(Records from a collection)
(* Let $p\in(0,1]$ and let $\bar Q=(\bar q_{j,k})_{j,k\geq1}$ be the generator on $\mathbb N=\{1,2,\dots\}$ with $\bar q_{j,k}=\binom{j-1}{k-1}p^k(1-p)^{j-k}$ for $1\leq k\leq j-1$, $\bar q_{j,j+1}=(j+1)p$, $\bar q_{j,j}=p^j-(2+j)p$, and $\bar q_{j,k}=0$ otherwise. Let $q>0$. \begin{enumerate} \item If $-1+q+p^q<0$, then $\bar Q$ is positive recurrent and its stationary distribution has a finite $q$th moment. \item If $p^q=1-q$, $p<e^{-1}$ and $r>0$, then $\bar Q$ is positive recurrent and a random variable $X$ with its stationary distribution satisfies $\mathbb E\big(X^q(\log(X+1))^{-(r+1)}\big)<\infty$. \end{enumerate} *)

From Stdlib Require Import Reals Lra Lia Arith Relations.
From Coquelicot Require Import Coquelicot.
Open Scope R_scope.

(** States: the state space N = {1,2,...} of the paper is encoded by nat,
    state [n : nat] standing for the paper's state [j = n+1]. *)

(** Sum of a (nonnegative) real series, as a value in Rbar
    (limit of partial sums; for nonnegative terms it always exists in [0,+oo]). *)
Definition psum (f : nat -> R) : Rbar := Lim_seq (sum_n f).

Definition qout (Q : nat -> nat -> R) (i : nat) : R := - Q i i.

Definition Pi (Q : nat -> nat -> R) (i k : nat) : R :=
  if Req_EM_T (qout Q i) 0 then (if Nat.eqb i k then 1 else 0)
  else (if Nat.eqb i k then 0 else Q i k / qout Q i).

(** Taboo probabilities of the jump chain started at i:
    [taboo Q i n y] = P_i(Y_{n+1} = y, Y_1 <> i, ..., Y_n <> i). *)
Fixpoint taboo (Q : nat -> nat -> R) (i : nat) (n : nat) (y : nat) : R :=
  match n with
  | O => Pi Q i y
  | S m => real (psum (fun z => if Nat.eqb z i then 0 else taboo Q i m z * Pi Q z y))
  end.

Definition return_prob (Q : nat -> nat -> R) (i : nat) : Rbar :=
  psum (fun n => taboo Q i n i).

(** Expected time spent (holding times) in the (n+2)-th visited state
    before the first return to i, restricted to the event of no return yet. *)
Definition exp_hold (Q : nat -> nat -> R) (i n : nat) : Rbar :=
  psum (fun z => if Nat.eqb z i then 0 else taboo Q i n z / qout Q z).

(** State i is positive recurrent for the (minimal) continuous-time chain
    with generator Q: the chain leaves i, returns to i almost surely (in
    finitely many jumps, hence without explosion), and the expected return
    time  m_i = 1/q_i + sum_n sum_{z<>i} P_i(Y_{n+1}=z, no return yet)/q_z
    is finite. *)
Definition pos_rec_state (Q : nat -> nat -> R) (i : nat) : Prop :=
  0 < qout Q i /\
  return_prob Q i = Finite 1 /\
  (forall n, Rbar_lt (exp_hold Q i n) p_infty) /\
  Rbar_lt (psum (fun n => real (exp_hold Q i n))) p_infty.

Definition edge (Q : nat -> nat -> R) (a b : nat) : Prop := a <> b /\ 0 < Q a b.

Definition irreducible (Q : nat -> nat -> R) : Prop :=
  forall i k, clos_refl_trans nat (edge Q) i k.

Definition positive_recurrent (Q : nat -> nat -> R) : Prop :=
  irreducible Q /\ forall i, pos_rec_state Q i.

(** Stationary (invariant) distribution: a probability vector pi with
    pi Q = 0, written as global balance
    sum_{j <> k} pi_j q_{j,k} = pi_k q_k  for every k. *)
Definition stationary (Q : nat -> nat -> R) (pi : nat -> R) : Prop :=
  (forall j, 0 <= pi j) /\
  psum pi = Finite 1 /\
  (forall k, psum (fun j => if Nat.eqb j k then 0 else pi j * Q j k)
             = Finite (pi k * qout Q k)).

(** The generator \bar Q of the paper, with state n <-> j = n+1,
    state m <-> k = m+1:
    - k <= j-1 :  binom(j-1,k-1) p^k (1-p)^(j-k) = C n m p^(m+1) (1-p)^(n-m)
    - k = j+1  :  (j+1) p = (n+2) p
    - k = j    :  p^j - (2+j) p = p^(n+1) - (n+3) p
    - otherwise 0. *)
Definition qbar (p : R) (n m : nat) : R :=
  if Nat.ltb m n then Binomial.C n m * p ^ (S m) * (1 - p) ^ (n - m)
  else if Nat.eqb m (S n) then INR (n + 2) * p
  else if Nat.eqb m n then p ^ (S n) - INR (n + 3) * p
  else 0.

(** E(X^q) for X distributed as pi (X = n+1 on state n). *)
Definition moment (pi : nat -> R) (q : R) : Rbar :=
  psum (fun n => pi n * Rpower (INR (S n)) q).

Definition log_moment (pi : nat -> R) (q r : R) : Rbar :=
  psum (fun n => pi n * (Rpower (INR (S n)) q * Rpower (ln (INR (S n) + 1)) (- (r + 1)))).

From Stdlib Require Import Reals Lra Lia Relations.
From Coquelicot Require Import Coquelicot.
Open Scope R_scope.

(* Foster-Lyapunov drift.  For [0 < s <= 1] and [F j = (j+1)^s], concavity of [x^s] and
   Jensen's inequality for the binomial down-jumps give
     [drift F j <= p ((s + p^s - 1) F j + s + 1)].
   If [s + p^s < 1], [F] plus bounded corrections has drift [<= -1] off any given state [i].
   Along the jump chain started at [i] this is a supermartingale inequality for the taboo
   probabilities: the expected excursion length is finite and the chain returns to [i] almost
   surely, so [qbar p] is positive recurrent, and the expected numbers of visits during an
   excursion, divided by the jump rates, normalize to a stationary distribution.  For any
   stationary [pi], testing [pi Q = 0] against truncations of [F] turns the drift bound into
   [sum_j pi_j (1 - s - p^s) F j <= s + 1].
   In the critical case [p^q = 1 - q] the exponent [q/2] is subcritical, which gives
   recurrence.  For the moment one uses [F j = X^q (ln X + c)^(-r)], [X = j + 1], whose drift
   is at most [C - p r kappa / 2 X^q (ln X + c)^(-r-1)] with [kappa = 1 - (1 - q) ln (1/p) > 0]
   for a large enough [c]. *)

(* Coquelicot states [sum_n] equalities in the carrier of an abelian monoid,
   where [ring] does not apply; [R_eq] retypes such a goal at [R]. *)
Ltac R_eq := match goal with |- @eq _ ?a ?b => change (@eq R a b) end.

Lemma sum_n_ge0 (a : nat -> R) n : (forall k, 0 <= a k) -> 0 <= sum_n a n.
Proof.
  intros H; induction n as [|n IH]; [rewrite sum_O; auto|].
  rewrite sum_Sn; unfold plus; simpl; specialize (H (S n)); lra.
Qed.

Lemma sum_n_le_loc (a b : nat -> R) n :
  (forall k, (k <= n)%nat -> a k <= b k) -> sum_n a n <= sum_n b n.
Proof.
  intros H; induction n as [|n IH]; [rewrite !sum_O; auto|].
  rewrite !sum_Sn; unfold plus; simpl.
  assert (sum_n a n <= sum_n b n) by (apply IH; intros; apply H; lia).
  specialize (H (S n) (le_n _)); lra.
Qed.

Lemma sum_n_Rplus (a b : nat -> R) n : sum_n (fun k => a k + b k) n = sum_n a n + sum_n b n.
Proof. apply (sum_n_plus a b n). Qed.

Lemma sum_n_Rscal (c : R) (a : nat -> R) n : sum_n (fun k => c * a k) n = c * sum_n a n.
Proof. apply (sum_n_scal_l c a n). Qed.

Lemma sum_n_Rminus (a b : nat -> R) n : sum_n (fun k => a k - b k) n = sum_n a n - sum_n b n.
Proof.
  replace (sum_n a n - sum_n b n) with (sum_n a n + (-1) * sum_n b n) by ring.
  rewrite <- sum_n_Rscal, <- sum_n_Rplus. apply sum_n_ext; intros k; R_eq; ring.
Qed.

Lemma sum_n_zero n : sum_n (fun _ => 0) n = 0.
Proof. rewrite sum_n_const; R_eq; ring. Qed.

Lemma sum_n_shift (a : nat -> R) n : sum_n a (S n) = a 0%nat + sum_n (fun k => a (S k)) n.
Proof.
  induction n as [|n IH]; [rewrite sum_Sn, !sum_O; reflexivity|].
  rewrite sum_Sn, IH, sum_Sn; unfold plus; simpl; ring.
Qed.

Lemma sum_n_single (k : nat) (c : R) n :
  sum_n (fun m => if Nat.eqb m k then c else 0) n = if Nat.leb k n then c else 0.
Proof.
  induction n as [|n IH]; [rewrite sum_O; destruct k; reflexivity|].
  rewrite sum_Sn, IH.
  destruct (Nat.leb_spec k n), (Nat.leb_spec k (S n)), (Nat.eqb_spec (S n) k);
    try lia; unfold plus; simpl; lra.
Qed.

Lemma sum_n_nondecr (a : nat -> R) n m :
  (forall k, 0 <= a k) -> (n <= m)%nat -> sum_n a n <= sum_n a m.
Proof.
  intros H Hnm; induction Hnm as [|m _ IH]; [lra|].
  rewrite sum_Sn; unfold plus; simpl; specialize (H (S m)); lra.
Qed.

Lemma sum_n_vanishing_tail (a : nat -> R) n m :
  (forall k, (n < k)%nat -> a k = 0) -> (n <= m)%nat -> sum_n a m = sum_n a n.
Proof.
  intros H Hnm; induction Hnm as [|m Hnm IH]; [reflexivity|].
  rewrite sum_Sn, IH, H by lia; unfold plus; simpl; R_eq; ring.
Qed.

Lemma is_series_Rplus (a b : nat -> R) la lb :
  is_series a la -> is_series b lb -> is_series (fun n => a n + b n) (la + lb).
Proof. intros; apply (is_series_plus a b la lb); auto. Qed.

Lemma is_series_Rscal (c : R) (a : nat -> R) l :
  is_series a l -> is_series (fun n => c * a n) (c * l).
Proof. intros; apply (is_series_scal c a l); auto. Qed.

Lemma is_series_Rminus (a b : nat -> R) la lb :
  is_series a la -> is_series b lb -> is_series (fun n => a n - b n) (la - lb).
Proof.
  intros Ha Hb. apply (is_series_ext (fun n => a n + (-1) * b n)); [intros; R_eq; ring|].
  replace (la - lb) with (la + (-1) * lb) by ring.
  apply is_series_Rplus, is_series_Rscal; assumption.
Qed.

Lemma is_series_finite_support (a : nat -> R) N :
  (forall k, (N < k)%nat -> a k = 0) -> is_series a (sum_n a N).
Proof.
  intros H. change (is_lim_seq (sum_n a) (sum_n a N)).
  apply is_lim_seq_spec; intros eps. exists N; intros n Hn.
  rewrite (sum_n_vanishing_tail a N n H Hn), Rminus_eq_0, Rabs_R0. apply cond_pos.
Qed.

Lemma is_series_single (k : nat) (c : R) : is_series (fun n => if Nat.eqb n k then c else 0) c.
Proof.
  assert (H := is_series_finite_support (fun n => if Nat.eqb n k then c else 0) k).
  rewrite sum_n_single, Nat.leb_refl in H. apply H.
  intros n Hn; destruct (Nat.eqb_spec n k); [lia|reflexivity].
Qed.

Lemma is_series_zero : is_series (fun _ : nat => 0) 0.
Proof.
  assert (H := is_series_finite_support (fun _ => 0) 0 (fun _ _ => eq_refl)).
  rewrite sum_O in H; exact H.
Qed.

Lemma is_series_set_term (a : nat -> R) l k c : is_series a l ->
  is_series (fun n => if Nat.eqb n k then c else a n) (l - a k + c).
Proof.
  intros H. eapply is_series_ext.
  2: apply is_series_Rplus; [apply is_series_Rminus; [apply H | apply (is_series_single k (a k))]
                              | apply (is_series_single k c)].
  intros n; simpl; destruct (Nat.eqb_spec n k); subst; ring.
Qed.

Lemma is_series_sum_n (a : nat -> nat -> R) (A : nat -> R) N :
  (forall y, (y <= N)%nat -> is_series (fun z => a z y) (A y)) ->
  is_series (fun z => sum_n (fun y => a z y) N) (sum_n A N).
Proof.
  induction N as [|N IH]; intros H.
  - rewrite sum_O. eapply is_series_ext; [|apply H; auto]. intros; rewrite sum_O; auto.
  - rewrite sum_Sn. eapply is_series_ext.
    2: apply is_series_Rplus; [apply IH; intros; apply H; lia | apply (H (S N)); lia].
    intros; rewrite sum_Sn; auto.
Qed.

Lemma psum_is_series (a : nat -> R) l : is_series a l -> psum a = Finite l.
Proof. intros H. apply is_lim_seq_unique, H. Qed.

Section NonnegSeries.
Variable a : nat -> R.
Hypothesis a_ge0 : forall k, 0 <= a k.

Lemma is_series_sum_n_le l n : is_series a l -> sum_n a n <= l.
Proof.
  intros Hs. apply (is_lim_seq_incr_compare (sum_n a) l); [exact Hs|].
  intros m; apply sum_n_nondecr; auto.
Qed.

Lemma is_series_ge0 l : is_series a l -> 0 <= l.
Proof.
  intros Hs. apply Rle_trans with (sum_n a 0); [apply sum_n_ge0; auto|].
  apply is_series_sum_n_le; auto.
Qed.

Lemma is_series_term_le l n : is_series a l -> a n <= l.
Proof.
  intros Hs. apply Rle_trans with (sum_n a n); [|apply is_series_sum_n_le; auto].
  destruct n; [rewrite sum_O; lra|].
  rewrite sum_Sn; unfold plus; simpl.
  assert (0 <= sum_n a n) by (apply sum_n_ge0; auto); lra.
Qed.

PROBLEM STATEMENT: Report the count of lines in the entries that contain the string "started", and nothing besides it.

YOUR RESPONSE: 2